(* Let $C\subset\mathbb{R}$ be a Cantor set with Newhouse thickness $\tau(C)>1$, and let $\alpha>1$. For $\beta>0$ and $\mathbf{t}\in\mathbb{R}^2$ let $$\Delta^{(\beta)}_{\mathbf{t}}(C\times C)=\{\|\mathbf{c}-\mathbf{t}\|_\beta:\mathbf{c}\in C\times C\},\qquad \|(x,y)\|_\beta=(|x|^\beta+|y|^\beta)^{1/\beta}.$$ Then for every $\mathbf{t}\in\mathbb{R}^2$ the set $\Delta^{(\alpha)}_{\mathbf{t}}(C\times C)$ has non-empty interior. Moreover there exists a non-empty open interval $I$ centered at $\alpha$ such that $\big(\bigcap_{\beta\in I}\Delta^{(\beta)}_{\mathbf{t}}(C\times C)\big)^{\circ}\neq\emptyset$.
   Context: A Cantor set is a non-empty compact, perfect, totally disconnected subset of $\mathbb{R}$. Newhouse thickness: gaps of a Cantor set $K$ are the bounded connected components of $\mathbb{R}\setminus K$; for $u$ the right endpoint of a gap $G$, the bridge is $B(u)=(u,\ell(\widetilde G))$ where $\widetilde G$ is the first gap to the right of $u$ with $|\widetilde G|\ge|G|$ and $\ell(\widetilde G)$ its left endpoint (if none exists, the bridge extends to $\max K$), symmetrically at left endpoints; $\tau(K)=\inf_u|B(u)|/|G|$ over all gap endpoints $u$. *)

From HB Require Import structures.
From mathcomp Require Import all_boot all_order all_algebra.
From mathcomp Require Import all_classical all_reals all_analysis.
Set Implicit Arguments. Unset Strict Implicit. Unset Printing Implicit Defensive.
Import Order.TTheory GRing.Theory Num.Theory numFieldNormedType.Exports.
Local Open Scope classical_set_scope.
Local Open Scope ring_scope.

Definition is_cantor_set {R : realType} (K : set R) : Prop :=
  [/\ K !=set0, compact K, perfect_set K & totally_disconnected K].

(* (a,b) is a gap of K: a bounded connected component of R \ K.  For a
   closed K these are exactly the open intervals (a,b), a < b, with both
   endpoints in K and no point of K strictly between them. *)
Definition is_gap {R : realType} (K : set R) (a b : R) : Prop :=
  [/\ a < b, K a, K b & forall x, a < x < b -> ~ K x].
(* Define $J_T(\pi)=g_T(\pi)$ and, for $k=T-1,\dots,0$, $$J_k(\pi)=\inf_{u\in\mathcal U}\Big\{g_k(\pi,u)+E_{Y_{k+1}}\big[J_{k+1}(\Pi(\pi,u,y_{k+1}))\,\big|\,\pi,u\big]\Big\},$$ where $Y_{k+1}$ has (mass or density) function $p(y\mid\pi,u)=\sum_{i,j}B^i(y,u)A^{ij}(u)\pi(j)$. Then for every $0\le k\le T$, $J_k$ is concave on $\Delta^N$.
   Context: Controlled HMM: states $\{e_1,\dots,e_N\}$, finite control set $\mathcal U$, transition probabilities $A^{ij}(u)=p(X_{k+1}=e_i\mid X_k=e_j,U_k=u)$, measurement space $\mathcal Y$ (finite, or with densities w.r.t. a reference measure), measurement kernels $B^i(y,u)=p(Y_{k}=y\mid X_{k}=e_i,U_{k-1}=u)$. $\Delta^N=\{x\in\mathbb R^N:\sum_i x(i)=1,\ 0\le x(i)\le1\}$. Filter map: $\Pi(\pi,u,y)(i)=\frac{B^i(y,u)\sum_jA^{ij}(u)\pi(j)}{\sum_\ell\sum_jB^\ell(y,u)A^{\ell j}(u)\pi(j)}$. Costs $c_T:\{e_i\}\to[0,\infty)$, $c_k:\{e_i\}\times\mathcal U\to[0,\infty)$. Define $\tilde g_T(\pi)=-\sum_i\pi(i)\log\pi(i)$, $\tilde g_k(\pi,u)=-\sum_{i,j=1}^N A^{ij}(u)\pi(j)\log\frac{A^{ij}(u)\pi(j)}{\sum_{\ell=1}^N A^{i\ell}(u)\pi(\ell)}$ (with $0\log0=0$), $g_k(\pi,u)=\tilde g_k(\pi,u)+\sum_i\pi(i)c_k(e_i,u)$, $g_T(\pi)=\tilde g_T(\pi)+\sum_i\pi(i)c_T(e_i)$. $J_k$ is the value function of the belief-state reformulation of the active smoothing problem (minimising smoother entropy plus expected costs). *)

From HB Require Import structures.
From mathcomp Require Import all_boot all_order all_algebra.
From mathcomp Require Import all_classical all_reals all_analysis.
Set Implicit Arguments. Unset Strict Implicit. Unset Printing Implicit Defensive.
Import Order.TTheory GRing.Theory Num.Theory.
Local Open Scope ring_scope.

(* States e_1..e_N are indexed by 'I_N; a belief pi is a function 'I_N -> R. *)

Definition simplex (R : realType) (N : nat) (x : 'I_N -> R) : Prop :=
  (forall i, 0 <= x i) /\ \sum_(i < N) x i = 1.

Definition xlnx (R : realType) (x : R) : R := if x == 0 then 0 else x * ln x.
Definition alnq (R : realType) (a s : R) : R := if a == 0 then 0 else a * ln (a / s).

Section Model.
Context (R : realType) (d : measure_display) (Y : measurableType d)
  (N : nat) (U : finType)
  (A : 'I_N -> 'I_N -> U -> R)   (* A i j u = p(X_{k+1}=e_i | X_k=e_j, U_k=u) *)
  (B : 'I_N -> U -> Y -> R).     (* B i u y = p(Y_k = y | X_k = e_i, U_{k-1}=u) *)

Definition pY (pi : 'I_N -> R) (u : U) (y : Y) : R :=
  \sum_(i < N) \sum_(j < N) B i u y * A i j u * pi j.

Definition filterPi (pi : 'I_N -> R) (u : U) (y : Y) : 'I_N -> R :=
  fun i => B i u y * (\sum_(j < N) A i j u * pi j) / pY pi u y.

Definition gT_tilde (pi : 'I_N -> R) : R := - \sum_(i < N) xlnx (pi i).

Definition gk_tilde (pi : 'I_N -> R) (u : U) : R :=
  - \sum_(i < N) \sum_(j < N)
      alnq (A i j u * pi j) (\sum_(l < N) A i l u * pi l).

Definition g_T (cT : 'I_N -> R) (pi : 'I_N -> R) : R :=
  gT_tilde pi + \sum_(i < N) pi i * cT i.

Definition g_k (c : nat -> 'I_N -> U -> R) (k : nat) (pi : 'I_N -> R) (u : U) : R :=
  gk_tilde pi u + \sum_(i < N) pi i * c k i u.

___

Output nothing but the lines from the one containing "(N : nat) (U : finType)" through the last line of the data, exactly as they stand.

Result of this exercise:
  (N : nat) (U : finType)
  (A : 'I_N -> 'I_N -> U -> R)   (* A i j u = p(X_{k+1}=e_i | X_k=e_j, U_k=u) *)
  (B : 'I_N -> U -> Y -> R).     (* B i u y = p(Y_k = y | X_k = e_i, U_{k-1}=u) *)

Definition pY (pi : 'I_N -> R) (u : U) (y : Y) : R :=
  \sum_(i < N) \sum_(j < N) B i u y * A i j u * pi j.

Definition filterPi (pi : 'I_N -> R) (u : U) (y : Y) : 'I_N -> R :=
  fun i => B i u y * (\sum_(j < N) A i j u * pi j) / pY pi u y.

Definition gT_tilde (pi : 'I_N -> R) : R := - \sum_(i < N) xlnx (pi i).

Definition gk_tilde (pi : 'I_N -> R) (u : U) : R :=
  - \sum_(i < N) \sum_(j < N)
      alnq (A i j u * pi j) (\sum_(l < N) A i l u * pi l).

Definition g_T (cT : 'I_N -> R) (pi : 'I_N -> R) : R :=
  gT_tilde pi + \sum_(i < N) pi i * cT i.

Definition g_k (c : nat -> 'I_N -> U -> R) (k : nat) (pi : 'I_N -> R) (u : U) : R :=
  gk_tilde pi u + \sum_(i < N) pi i * c k i u.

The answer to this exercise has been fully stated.